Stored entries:
================================
Lemma proper_thetaP (g : nat -> C) :
  reflect (forall a b, theta_edge n.+1 a b -> g a != g b)
          (Defs.proper (@theta_adj n.+1) [ffun i : 'I_(n.+1).*2.+3 => g i]).
Proof.
apply: (iffP forallP) => [g_pr a b ab | g_pr x].
  have [lt_a lt_b] := theta_edge_ltn ab.
  move: (g_pr (Ordinal lt_a)) => /forallP /(_ (Ordinal lt_b)).
  by rewrite /theta_adj /= ab !ffunE; apply.
apply/forallP=> y; apply/implyP; rewrite !ffunE => /orP[] xy; first exact: g_pr.
by rewrite eq_sym; apply: g_pr.
Qed.

Lemma theta_edge_inner i : i.+1 < N -> theta_edge n.+1 i.+4 i.+4.+1.
Proof. by rewrite /theta_edge doubleS; lia. Qed.

Lemma theta_edge_last : theta_edge n.+1 N.+3 1.
Proof. by rewrite /theta_edge doubleS; lia. Qed.

Section NthColouring.
Variables (u v x2 x3 : C) (p : N.-tuple C).
Local Notation col := (nth u [:: u, v, x2, x3 & p]).

Lemma proper_theta_nth :
  Defs.proper (@theta_adj n.+1) [ffun i : 'I_(n.+1).*2.+3 => col i] =
  [&& x2 != u, x2 != v, x3 != u, x3 != v & path [rel x y | x != y] u (rcons p v)].
Proof.
have nth_pv i : nth u (rcons p v) i = if i < N then col i.+4 else if i == N then v else u.
  by rewrite nth_rcons size_tuple.
apply/proper_thetaP/and5P => [col_pr | [x2u x2v x3u x3v /(pathP u) uv_path] a b].
  split; [by rewrite eq_sym (col_pr 0 2) | exact: (col_pr 2 1) |
           by rewrite eq_sym (col_pr 0 3) | exact: (col_pr 3 1) | ].
  apply/(pathP u) => -[_ | i]; rewrite /= !nth_pv; first exact: (col_pr 0 4).
  rewrite size_rcons size_tuple !ltnS => le_iN; rewrite (leq_trans _ le_iN) //.
  case: ltnP => [lt_iN | le_Ni]; first exact/col_pr/theta_edge_inner.
  have -> : i = n.*2 by lia.
  by rewrite eqxx; exact: (col_pr _ 1 theta_edge_last).
have pathN i : i <= N -> nth u (u :: rcons p v) i != nth u (rcons p v) i.
  by move=> le_iN; apply: uv_path; rewrite size_rcons size_tuple.
case/theta_edge_cases=> [[-> [|[|]] ->] | [-> [|[|]] ->] | [i lt_iN [-> ->]]] /=;
  rewrite 1?(eq_sym u x2) 1?(eq_sym u x3) //.
- by have := pathN 0 isT; rewrite /= nth_pv.
- by have := pathN N (leqnn N); rewrite /= !nth_pv ltnSn ltnn eqxx.
- by have := pathN i.+1 (ltnW lt_iN); rewrite /= !nth_pv ltnW // lt_iN.
Qed.

Lemma in_lists_theta_nth (L : 'I_(n.+1).*2.+3 -> {set C}) :
  [forall w, [ffun i : 'I_(n.+1).*2.+3 => col i] w \in L w] =
  [&& u \in L (inord 0), v \in L (inord 1), x2 \in L (inord 2), x3 \in L (inord 3)
    & in_lists (fun i => L (inord i.+4)) p].
Proof.
apply/forallP/and5P => [colL | [Lu Lv Lx2 Lx3 /(in_listsP u) Lp] w].
  have colL' i : i < (n.+1).*2.+3 -> col i \in L (inord i).
    by move=> lt_i; have := colL (inord i); rewrite ffunE inordK.
  split; [exact: (colL' 0) | exact: (colL' 1) | exact: (colL' 2) | exact: (colL' 3) | ].
  apply/(in_listsP u) => i; rewrite size_tuple => lt_iN; apply: (colL' i.+4); lia.
rewrite ffunE -[w in L w]inord_val.
case: w => -[|[|[|[|i]]]] //= lt_i; apply: Lp; rewrite size_tuple; lia.
Qed.

End NthColouring.
End ThetaEdges.

Section ThetaCount.
Variable C : finType.
Implicit Types L : nat -> {set C}.

(* The number of proper L-colourings of the 4-cycle 0 - 2 - 1 - 3 - 0. *)
Definition c4_count L := \sum_(u in L 0) \sum_(v in L 1) #|L 2 :\ u :\ v| * #|L 3 :\ u :\ v|.

Definition theta_count L N :=
  \sum_(u in L 0) \sum_(v in L 1)
    #|L 2 :\ u :\ v| * #|L 3 :\ u :\ v| * path_count v (fun i => L i.+4) N u.

Lemma list_chrom_theta n (L : 'I_(n.+1).*2.+3 -> {set C}) :
  list_chrom (@theta_adj n.+1) L = theta_count (fun i => L (inord i)) n.*2.+1.
Proof.
rewrite /list_chrom -sum1dep_card big_mkcond big_ffun_tuple /theta_count sum_mem_mul.
rewrite big_tuple_cons; apply: eq_bigr => u _.
rewrite sum_mem_mulr big_tuple_cons; apply: eq_bigr => v _.
rewrite mulnA -(mulnA #|_|) -path_countE -!sum_mem_card big_distr3.
rewrite big_tuple_cons; apply: eq_bigr => x2 _.
rewrite big_tuple_cons; apply: eq_bigr => x3 _; apply: eq_bigr => p _.
have -> : [ffun i => tnth [tuple of u :: [tuple of v :: [tuple of x2 :: [tuple of x3 :: p]]]] i]
        = [ffun i : 'I_(n.+1).*2.+3 => nth u [:: u, v, x2, x3 & p] i].
  by apply/ffunP => i; rewrite !ffunE (tnth_nth u).
rewrite in_lists_theta_nth proper_theta_nth !in_setD1 !mulnb; apply: (congr1 nat_of_bool).
apply/idP/idP; first by case/andP=> /and5P[-> -> -> -> ->] /and5P[-> -> -> -> ->].
by case/and5P=> /andP[-> ->] /and3P[-> -> ->] /and3P[-> -> ->] -> ->.
Qed.

Lemma theta_count_ge q j L : 0 < q -> (forall i, #|L i| = q.+1) ->
  mu q j * c4_count L <= theta_count L j.*2.+1.
Proof.
move=> q_gt0 cardL; rewrite big_distrr /=; apply: leq_sum => u _.
rewrite big_distrr; apply: leq_sum => v _.
by rewrite [leqLHS]/= mulnC leq_mul2l path_count_odd_ge ?orbT.
Qed.

(* With a, b >= q - 1 choices for the vertices 2 and 3,
   (q - 1) (a + b) <= a b + (q - 1)^2. *)
Lemma c4_count_ge q L : 0 < q -> (forall i, #|L i| = q.+1) -> L 0 != L 1 ->
  q ^ 4 + 2 * q ^ 2 <= c4_count L + 2 * q + 1.
Proof.
case: q => // c _ cardL neL01.
have ge_c i u v : c <= #|L i :\ u :\ v| by have := cardsD2_ge u v (cardL i); rewrite subn1.
have : \sum_(u in L 0) \sum_(v in L 1) (c * #|L 2 :\ u :\ v| + c * #|L 3 :\ u :\ v|) <=
       \sum_(u in L 0) \sum_(v in L 1) (#|L 2 :\ u :\ v| * #|L 3 :\ u :\ v| + c * c).
  by apply: leq_sum => u _; apply: leq_sum => v _; have := ge_c 2 u v; have := ge_c 3 u v; nia.
have -> : \sum_(u in L 0) \sum_(v in L 1) (c * #|L 2 :\ u :\ v| + c * #|L 3 :\ u :\ v|) =
    c * \sum_(u in L 0) \sum_(v in L 1) #|L 2 :\ u :\ v| +
    c * \sum_(u in L 0) \sum_(v in L 1) #|L 3 :\ u :\ v|.
  rewrite !big_distrr -big_split /=; apply: eq_bigr => u _.
  by rewrite !big_distrr -big_split.
under [X in _ <= X]eq_bigr do rewrite big_split /= sum_nat_const cardL.
rewrite big_split /= sum_nat_const cardL.
have := leq_mul (leqnn c) (sum_cardsD2_ge (cardL 0) (cardL 1) (cardL 2) neL01).
have := leq_mul (leqnn c) (sum_cardsD2_ge (cardL 0) (cardL 1) (cardL 3) neL01).
rewrite /c4_count; lia.
Qed.

Section FullLists.
Variable q : nat.
Hypothesis cardC : #|C| = q.+1.

Lemma cardsTD2 u v : #|[set: C] :\ u :\ v| = q - (v != u).
Proof.
have := cardsD1 u [set: C]; have := cardsD1 v ([set: C] :\ u).
by rewrite cardsT cardC !inE andbT; lia.
Qed.

Lemma theta_count_full j : 0 < q ->
  theta_count (fun _ => [set: C]) j.*2.+1 =
  q.+1 * (q * q * (mu q j).+1 + q * ((q - 1) * (q - 1) * mu q j)).
Proof.
move=> q_gt0; rewrite /theta_count -cardC -cardsT -sum_nat_const; cbv beta.
apply: eq_bigr => u _; rewrite (big_setD1 u) ?in_setT // cardsTD2 eqxx.
rewrite (path_count_full_odd _ cardC) // eqxx subn0 addn1; congr (_ + _).
have cardTu : #|[set: C] :\ u| = q.
  by have := cardsD1 u [set: C]; rewrite cardsT cardC in_setT; lia.
rewrite (eq_bigr (fun _ => (q - 1) * (q - 1) * mu q j)) ?sum_nat_const ?cardTu // => v.
rewrite !inE andbT => vu.
by rewrite cardsTD2 (path_count_full_odd _ cardC) // vu eq_sym (negbTE vu) addn0.
Qed.

End FullLists.

End ThetaCount.

(* Writing q = p + 3, the bound reduces to q^3 + q^2 <= (2q^2 - 3q - 1) mu,
   which follows from mu >= q^2. *)
Lemma theta_count_full_le (C D : finType) q j (L : nat -> {set D}) :
    #|C| = q.+1 -> 3 <= q -> (forall i, #|L i| = q.+1) -> L 0 != L 1 ->
  theta_count (fun _ => [set: C]) j.+1.*2.+1 <= mu q j.+1 * c4_count L.
Proof.
move=> cardC q_ge3 cardL neL01; rewrite (theta_count_full cardC); last by lia.
have := sqr_leq_mu j (ltnW q_ge3); have := c4_count_ge (ltnW (ltnW q_ge3)) cardL neL01.
move: (mu q j.+1) (c4_count L) => m S hS qm; have := leq_mul (leqnn m) hS.
have [p def_q] : exists p, q = p.+3 by exists (q - 3); lia.
have -> : q - 1 = p.+2 by lia.
rewrite def_q in qm *.
have := leq_mul (leqnn (2 * p * p + 9 * p + 8)) qm.
have : p.+3 ^ 3 + p.+3 ^ 2 <= (2 * p * p + 9 * p + 8) * (p.+3 * p.+3).
  have -> : p.+3 ^ 3 + p.+3 ^ 2 = p.+4 * (p.+3 * p.+3) by lia.
  by apply: leq_mul => //; nia.
lia.
Qed.

Lemma chrom_list_chrom (V : finType) (adj : rel V) m :
  chrom adj m = list_chrom adj (fun _ => [set: 'I_m]).
Proof.
apply: eq_card => f; rewrite !inE.
by have -> : [forall w, f w \in [set: 'I_m]] by apply/forallP => w; rewrite inE.
Qed.

Theorem lemma24 (k m : nat) (C : finType)
    (L : 'I_(k.*2).+3 -> {set C}) :
  2 <= k -> 4 <= m ->
  (forall w, #|L w| = m) ->
  L (inord 0) != L (inord 1) ->
  chrom (@theta_adj k) m <= list_chrom (@theta_adj k) L.
Proof.
case: k L => [|[|n]] L // _; case: m => [|q] // q_ge3 cardL neL01.
have cardL' i : #|L (inord i)| = q.+1 := cardL _.
rewrite chrom_list_chrom !list_chrom_theta.
apply: leq_trans (theta_count_full_le n (card_ord q.+1) q_ge3 cardL' neL01) _.
by apply: theta_count_ge cardL'; lia.
Qed.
================================
All lines in the preceding records that hold the word "colL" need to be copied.

apply/forallP/and5P => [colL | [Lu Lv Lx2 Lx3 /(in_listsP u) Lp] w].
  have colL' i : i < (n.+1).*2.+3 -> col i \in L (inord i).
    by move=> lt_i; have := colL (inord i); rewrite ffunE inordK.
  split; [exact: (colL' 0) | exact: (colL' 1) | exact: (colL' 2) | exact: (colL' 3) | ].
  apply/(in_listsP u) => i; rewrite size_tuple => lt_iN; apply: (colL' i.+4); lia.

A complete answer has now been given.